Each record must appear in the answer exactly as given.

[Collected data]
────────────────────
(* [Mlev j]: the matrix once the levels below [j] are eliminated; their rows
   and columns are unit ones and the diagonal at level [j] is [gam j]. *)
Definition Mlev j : 'M[K]_n := \matrix_(u, v)
  if (h u < j)%N || (h v < j)%N then (u == v)%:R
  else if u == v then (if h u == j then gam j else al (h u)) else M u v.

Lemma Mlev_low j u v : (h u < j)%N || (h v < j)%N -> Mlev j u v = (u == v)%:R.
Proof. by rewrite mxE => ->. Qed.

Lemma Mlev_high j u v : (j <= h u)%N -> (j <= h v)%N ->
  Mlev j u v = if u == v then (if h u == j then gam j else al (h u)) else M u v.
Proof. by rewrite mxE !ltnNge => -> ->. Qed.

Lemma Mlev_pivot j s : (h s <= j)%N -> Mlev j s s = if h s == j then gam j else 1.
Proof.
rewrite leq_eqVlt => /orP [/eqP hs|hs]; last by rewrite Mlev_low ?hs // eqxx (ltn_eqF hs).
by rewrite Mlev_high ?hs // !eqxx.
Qed.

Lemma Mlev0 : Mlev 0 = M.
Proof.
apply/matrixP => u v; rewrite Mlev_high //.
by case: eqP => [<-|//]; rewrite M_diag; case: eqP => [->|].
Qed.

Lemma pivot_sum j u v : (j < h u)%N -> (j < h v)%N ->
  \sum_(s | (h s <= j)%N) Mlev j u s * Mlev j s v / Mlev j s s =
  (\sum_(s | h s == j) M u s * M s v) / gam j.
Proof.
move=> hu hv; rewrite mulr_suml big_mkcond [RHS]big_mkcond; apply: eq_bigr => s _ /=.
have [hsj|hsj|hsj] := ltngtP (h s) j => //.
  have us : u != s by apply: contraTneq hu => ->; rewrite ltnNge ltnW.
  by rewrite Mlev_low ?hsj ?orbT // (negbTE us) !mul0r.
have us : u != s by apply: contraTneq hu => ->; rewrite hsj ltnn.
have sv : s != v by apply: contraTneq hv => <-; rewrite hsj ltnn.
rewrite Mlev_pivot ?hsj // eqxx !Mlev_high ?hsj ?(ltnW hu) ?(ltnW hv) //.
by rewrite (negbTE us) (negbTE sv).
Qed.

(* Eliminating the levels [<= j] of [Mlev j] yields [Mlev j.+1]: the only
   entries that change are the diagonal ones at level [j.+1], which become
   [al (j.+1) - be (j.+1) / gam j = gam (j.+1)]. *)
Lemma schur_Mlev j : schur (fun u => h u <= j)%N (Mlev j) = Mlev j.+1.
Proof.
apply/matrixP => u v; rewrite [LHS]mxE.
have [low|] := boolP ((h u <= j)%N || (h v <= j)%N); first by rewrite Mlev_low.
rewrite negb_or -!ltnNge => /andP [hu hv].
rewrite pivot_sum // child_pair_sum // !Mlev_high ?(ltnW hu) ?(ltnW hv) //.
rewrite (gtn_eqF hu); have [_|uv] := eqVneq u v; last by rewrite mul0r subr0.
by case: eqP => [->|]; rewrite ?mul0r ?subr0.
Qed.

Lemma det_Mlev_step j : (j < hmax)%N ->
  \det (Mlev j) = (\prod_(u | h u == j) gam j) * \det (Mlev j.+1).
Proof.
move=> jlt; rewrite (det_schur (S := fun u => h u <= j)%N) ?schur_Mlev.
- congr (_ * _); rewrite big_mkcond [RHS]big_mkcond; apply: eq_bigr => s _ /=.
  by case: leqP => [hs|hs]; rewrite ?Mlev_pivot // gtn_eqF.
- move=> s t hs ht st; have [low|] := boolP ((h s < j) || (h t < j))%N.
    by rewrite Mlev_low // (negbTE st).
  rewrite negb_or -!leqNgt => /andP [js jt].
  by rewrite Mlev_high // (negbTE st) M_same_level //; lia.
- by move=> s hs; rewrite Mlev_pivot //; case: (h s == j); [exact: gam_neq0 jlt|exact: oner_neq0].
Qed.

(* The top level needs no pivot: [Mlev hmax] is diagonal. *)
Lemma det_Mlev_top : \det (Mlev hmax) = \prod_(u | (hmax <= h u)%N) gam (h u).
Proof.
rewrite det_trig; last first.
  apply/is_diag_mx_is_trig/is_diag_mxP => u v /= uv.
  have {}uv : u != v by apply: contraNneq uv => ->.
  have [low|] := boolP ((h u < hmax) || (h v < hmax))%N; first by rewrite Mlev_low // (negbTE uv).
  rewrite negb_or -!leqNgt => /andP [hu hv].
  by rewrite Mlev_high // (negbTE uv) M_same_level //; move: (h_le u) (h_le v); lia.
rewrite [RHS]big_mkcond; apply: eq_bigr => u _ /=.
rewrite Mlev_pivot //; have [->|ne] := eqVneq (h u) hmax; first by rewrite leqnn.
by rewrite leqNgt ltn_neqAle ne h_le.
Qed.

Lemma det_Mlev j : (j <= hmax)%N -> \det (Mlev j) = \prod_(u | (j <= h u)%N) gam (h u).
Proof.
move Ed : (hmax - j)%N => d; elim: d j Ed => [|d IH] j Ed jle.
  by rewrite (_ : j = hmax) ?det_Mlev_top //; lia.
rewrite det_Mlev_step ?IH; try lia.
rewrite [RHS](bigID (fun u => h u == j)) /=; congr (_ * _).
  by apply: eq_big => [u|u /eqP -> //]; case: eqP => [->|]; rewrite ?leqnn ?andbF.
by apply: eq_bigl => u; rewrite ltn_neqAle andbC eq_sym.
Qed.

Lemma det_levels : \det M = \prod_u gam (h u).
Proof. by rewrite -Mlev0 det_Mlev. Qed.
End LevelElimination.

Section CharPolyLevels.
Variable F : fieldType.
Local Notation K := {fraction {poly F}}.
Local Notation tf := (@tofrac {poly F}).
Variables (dg bb : nat -> F).

Definition gamX : nat -> K := gam (fun k => tf ('X - (dg k)%:P)) (fun k => tf (bb k)%:P).

Lemma char_poly_mxE m (B : 'M[F]_m) u v :
  char_poly_mx B u v = if u == v then 'X - (B u u)%:P else - (B u v)%:P.
Proof.
by rewrite !mxE; case: eqP => [->|_] /=; rewrite ?mulr1n // mulr0n sub0r.
Qed.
────────────────────
## Exercise output
(* [Mlev j]: the matrix once the levels below [j] are eliminated; their rows
   and columns are unit ones and the diagonal at level [j] is [gam j]. *)
Definition Mlev j : 'M[K]_n := \matrix_(u, v)
  if (h u < j)%N || (h v < j)%N then (u == v)%:R
  else if u == v then (if h u == j then gam j else al (h u)) else M u v.

Lemma Mlev_low j u v : (h u < j)%N || (h v < j)%N -> Mlev j u v = (u == v)%:R.
Proof. by rewrite mxE => ->. Qed.

Lemma Mlev_high j u v : (j <= h u)%N -> (j <= h v)%N ->
  Mlev j u v = if u == v then (if h u == j then gam j else al (h u)) else M u v.
Proof. by rewrite mxE !ltnNge => -> ->. Qed.

Lemma Mlev_pivot j s : (h s <= j)%N -> Mlev j s s = if h s == j then gam j else 1.
Proof.
rewrite leq_eqVlt => /orP [/eqP hs|hs]; last by rewrite Mlev_low ?hs // eqxx (ltn_eqF hs).
by rewrite Mlev_high ?hs // !eqxx.
Qed.

Lemma Mlev0 : Mlev 0 = M.
Proof.
apply/matrixP => u v; rewrite Mlev_high //.
by case: eqP => [<-|//]; rewrite M_diag; case: eqP => [->|].
Qed.

Lemma pivot_sum j u v : (j < h u)%N -> (j < h v)%N ->
  \sum_(s | (h s <= j)%N) Mlev j u s * Mlev j s v / Mlev j s s =
  (\sum_(s | h s == j) M u s * M s v) / gam j.
Proof.
move=> hu hv; rewrite mulr_suml big_mkcond [RHS]big_mkcond; apply: eq_bigr => s _ /=.
have [hsj|hsj|hsj] := ltngtP (h s) j => //.
  have us : u != s by apply: contraTneq hu => ->; rewrite ltnNge ltnW.
  by rewrite Mlev_low ?hsj ?orbT // (negbTE us) !mul0r.
have us : u != s by apply: contraTneq hu => ->; rewrite hsj ltnn.
have sv : s != v by apply: contraTneq hv => <-; rewrite hsj ltnn.
rewrite Mlev_pivot ?hsj // eqxx !Mlev_high ?hsj ?(ltnW hu) ?(ltnW hv) //.
by rewrite (negbTE us) (negbTE sv).
Qed.

(* Eliminating the levels [<= j] of [Mlev j] yields [Mlev j.+1]: the only
   entries that change are the diagonal ones at level [j.+1], which become
   [al (j.+1) - be (j.+1) / gam j = gam (j.+1)]. *)
Lemma schur_Mlev j : schur (fun u => h u <= j)%N (Mlev j) = Mlev j.+1.
Proof.
apply/matrixP => u v; rewrite [LHS]mxE.
have [low|] := boolP ((h u <= j)%N || (h v <= j)%N); first by rewrite Mlev_low.
rewrite negb_or -!ltnNge => /andP [hu hv].
rewrite pivot_sum // child_pair_sum // !Mlev_high ?(ltnW hu) ?(ltnW hv) //.
rewrite (gtn_eqF hu); have [_|uv] := eqVneq u v; last by rewrite mul0r subr0.
by case: eqP => [->|]; rewrite ?mul0r ?subr0.
Qed.

Lemma det_Mlev_step j : (j < hmax)%N ->
  \det (Mlev j) = (\prod_(u | h u == j) gam j) * \det (Mlev j.+1).
Proof.
move=> jlt; rewrite (det_schur (S := fun u => h u <= j)%N) ?schur_Mlev.
- congr (_ * _); rewrite big_mkcond [RHS]big_mkcond; apply: eq_bigr => s _ /=.
  by case: leqP => [hs|hs]; rewrite ?Mlev_pivot // gtn_eqF.
- move=> s t hs ht st; have [low|] := boolP ((h s < j) || (h t < j))%N.
    by rewrite Mlev_low // (negbTE st).
  rewrite negb_or -!leqNgt => /andP [js jt].
  by rewrite Mlev_high // (negbTE st) M_same_level //; lia.
- by move=> s hs; rewrite Mlev_pivot //; case: (h s == j); [exact: gam_neq0 jlt|exact: oner_neq0].
Qed.

(* The top level needs no pivot: [Mlev hmax] is diagonal. *)
Lemma det_Mlev_top : \det (Mlev hmax) = \prod_(u | (hmax <= h u)%N) gam (h u).
Proof.
rewrite det_trig; last first.
  apply/is_diag_mx_is_trig/is_diag_mxP => u v /= uv.
  have {}uv : u != v by apply: contraNneq uv => ->.
  have [low|] := boolP ((h u < hmax) || (h v < hmax))%N; first by rewrite Mlev_low // (negbTE uv).
  rewrite negb_or -!leqNgt => /andP [hu hv].
  by rewrite Mlev_high // (negbTE uv) M_same_level //; move: (h_le u) (h_le v); lia.
rewrite [RHS]big_mkcond; apply: eq_bigr => u _ /=.
rewrite Mlev_pivot //; have [->|ne] := eqVneq (h u) hmax; first by rewrite leqnn.
by rewrite leqNgt ltn_neqAle ne h_le.
Qed.

Lemma det_Mlev j : (j <= hmax)%N -> \det (Mlev j) = \prod_(u | (j <= h u)%N) gam (h u).
Proof.
move Ed : (hmax - j)%N => d; elim: d j Ed => [|d IH] j Ed jle.
  by rewrite (_ : j = hmax) ?det_Mlev_top //; lia.
rewrite det_Mlev_step ?IH; try lia.
rewrite [RHS](bigID (fun u => h u == j)) /=; congr (_ * _).
  by apply: eq_big => [u|u /eqP -> //]; case: eqP => [->|]; rewrite ?leqnn ?andbF.
by apply: eq_bigl => u; rewrite ltn_neqAle andbC eq_sym.
Qed.

Lemma det_levels : \det M = \prod_u gam (h u).
Proof. by rewrite -Mlev0 det_Mlev. Qed.
End LevelElimination.

Section CharPolyLevels.
Variable F : fieldType.
Local Notation K := {fraction {poly F}}.
Local Notation tf := (@tofrac {poly F}).
Variables (dg bb : nat -> F).

Definition gamX : nat -> K := gam (fun k => tf ('X - (dg k)%:P)) (fun k => tf (bb k)%:P).

Lemma char_poly_mxE m (B : 'M[F]_m) u v :
  char_poly_mx B u v = if u == v then 'X - (B u u)%:P else - (B u v)%:P.
Proof.
by rewrite !mxE; case: eqP => [->|_] /=; rewrite ?mulr1n // mulr0n sub0r.
Qed.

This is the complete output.